*Data section*:
(* For every $n\in\mathbb{N}$, every formula $\varphi$ of $\mathbf{CPN}_n$ whose propositional letters are among $p_1,\dots,p_m$, and every valuation $\mathcal V$: $\;p_1^{\mathcal V},\dots,p_m^{\mathcal V}\vdash_{(n)}\varphi^{\mathcal V}$.
   Context: Fix $n\in\mathbb{N}$, $n\ge 1$, and write $[n]=\{1,\dots,n\}$. Chains: a chain over $[n]$ is a finite sequence of distinct elements of $[n]$; chains with the same length and the same symbols are identified, so a chain is effectively a subset of $[n]$. $c_k$ denotes a chain with $k$ symbols, $\epsilon$ the empty chain, and $(n)$ the chain consisting of all symbols of $[n]$. For chains $c,d$: the concatenation $c\cdot d$ is the chain of symbols occurring in $c$ or in $d$; the coconcatenation $c\otimes d$ is the chain of symbols occurring in exactly one of $c,d$; $d$ is a subchain of $c$ if every symbol of $d$ is a symbol of $c$. The complementary chain $c'_{n-k}$ of $c_k$ is the chain of the symbols of $[n]$ not occurring in $c_k$. Language of $\mathbf{CPN}_n$: a countable set $P_n$ of propositional letters; constants $\perp_c$ for each chain $c$ over $[n]$ with $1\le |c|\le n-1$, and constants $\perp_{(n)}$ (contradiction) and $\top_{(n)}$ (truth); a unary connective $\neg_c$ for each nonempty chain $c$ over $[n]$ ($\neg_{(n)}$ is the strong negation; the $\neg_c$ with $|c|\le n-1$ are weak negations); a binary connective $\to_{(n)}$. Formulas: propositional letters and constants are formulas; if $\varphi,\psi$ are formulas then so are $\neg_c\varphi$ and $(\varphi\to_{(n)}\psi)$. Conventions: $\neg_\epsilon\varphi:=\varphi$, $\perp_\epsilon:=\top_{(n)}$, and $\perp_c$ for $c=(n)$ means $\perp_{(n)}$. Abbreviations: $\varphi\wedge_{(n)}\psi:=\neg_{(n)}(\varphi\to_{(n)}\neg_{(n)}\psi)$, $\varphi\vee_{(n)}\psi:=\neg_{(n)}\varphi\to_{(n)}\psi$, $\varphi\leftrightarrow_{(n)}\psi:=(\varphi\to_{(n)}\psi)\wedge_{(n)}(\psi\to_{(n)}\varphi)$. Axioms of $\mathbf{CPN}_n$, for all formulas $\varphi,\psi,\chi$ and all nonempty chains $c_k,c_r$ over $[n]$: (A1) $\varphi\to_{(n)}(\psi\to_{(n)}\varphi)$; (A2) $(\varphi\to_{(n)}(\psi\to_{(n)}\chi))\to_{(n)}((\varphi\to_{(n)}\psi)\to_{(n)}(\varphi\to_{(n)}\chi))$; (A3) $(\neg_{(n)}\psi\to_{(n)}\neg_{(n)}\varphi)\to_{(n)}((\neg_{(n)}\psi\to_{(n)}\varphi)\to_{(n)}\psi)$; (A4) $\varphi\to_{(n)}(\perp_{c_k}\to_{(n)}\neg_{c_k}\varphi)$; (A5) $\neg_{c_k}\neg_{c_r}\varphi\leftrightarrow_{(n)}\neg_{c_k\otimes c_r}\varphi$; (A6) $\neg_{c_k}\perp_{c_r}\leftrightarrow_{(n)}\perp_{c_k\otimes c_r}$; (A7) $\perp_{c_k}\to_{(n)}\perp_{c_r}$, whenever $c_r$ is a subchain of $c_k$. The only rule of inference is modus ponens (from $\varphi$ and $\varphi\to_{(n)}\psi$ infer $\psi$). For a set $\Sigma$ of formulas, $\Sigma\vdash_{(n)}\varphi$ means there is a finite sequence of formulas ending with $\varphi$, each of which is an axiom, a member of $\Sigma$, or obtained from two earlier members by modus ponens; $\vdash_{(n)}\varphi$ means $\emptyset\vdash_{(n)}\varphi$. Semantics: for each $i\in[n]$ there is a world $\mathcal M_i=\{T_i,F_i\}$ (pairwise disjoint sets). A valuation $\mathcal V$ assigns to each propositional letter $p$ and each $i\in[n]$ a value $v_i(p)\in\mathcal M_i$ (independently for different $i$). It extends to all formulas, for each $i$, by: $\bar v_i(p)=v_i(p)$ for letters; $\bar v_i(\perp_c)=F_i$ if $i$ is a symbol of $c$ and $T_i$ otherwise (so $\bar v_i(\perp_{(n)})=F_i$ and $\bar v_i(\top_{(n)})=T_i$); $\bar v_i(\neg_c\varphi)=\bar v_i(\varphi)$ if $i$ is not a symbol of $c$, and the opposite value ($T_i\leftrightarrow F_i$) if $i$ is a symbol of $c$; $\bar v_i(\varphi\to_{(n)}\psi)=F_i$ iff $\bar v_i(\varphi)=T_i$ and $\bar v_i(\psi)=F_i$, otherwise $T_i$ (hence $\wedge_{(n)},\vee_{(n)}$ behave classically in each world). Write $\bar{\mathcal V}(\varphi)=(\bar v_1(\varphi),\dots,\bar v_n(\varphi))$. A formula $\varphi$ is a tautology, written $\models_{(n)}\varphi$, iff $\bar{\mathcal V}(\varphi)=(T_1,\dots,T_n)$ for every valuation $\mathcal V$. Given a valuation $\mathcal V$ and a chain $c$ over $[n]$ (possibly empty), a formula $\varphi$ is $c$-contingent (under $\mathcal V$) if $\bar v_i(\varphi)=F_i$ for every symbol $i$ of $c$ and $\bar v_i(\varphi)=T_i$ for every $i\in[n]$ not in $c$. Every formula is $c$-contingent for exactly one chain $c$, and one sets $\varphi^{\mathcal V}:=\neg_c\varphi$ for that $c$ (so $\varphi^{\mathcal V}=\varphi$ when $\bar{\mathcal V}(\varphi)=(T_1,\dots,T_n)$). *)

From mathcomp Require Import all_boot.
Set Implicit Arguments. Unset Strict Implicit. Unset Printing Implicit Defensive.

*Task*:
Repeat only the lines running from the line that contains "From mathcomp Require Import all_boot." through the last line above, inclusive.

*Your solution*:
From mathcomp Require Import all_boot.
Set Implicit Arguments. Unset Strict Implicit. Unset Printing Implicit Defensive.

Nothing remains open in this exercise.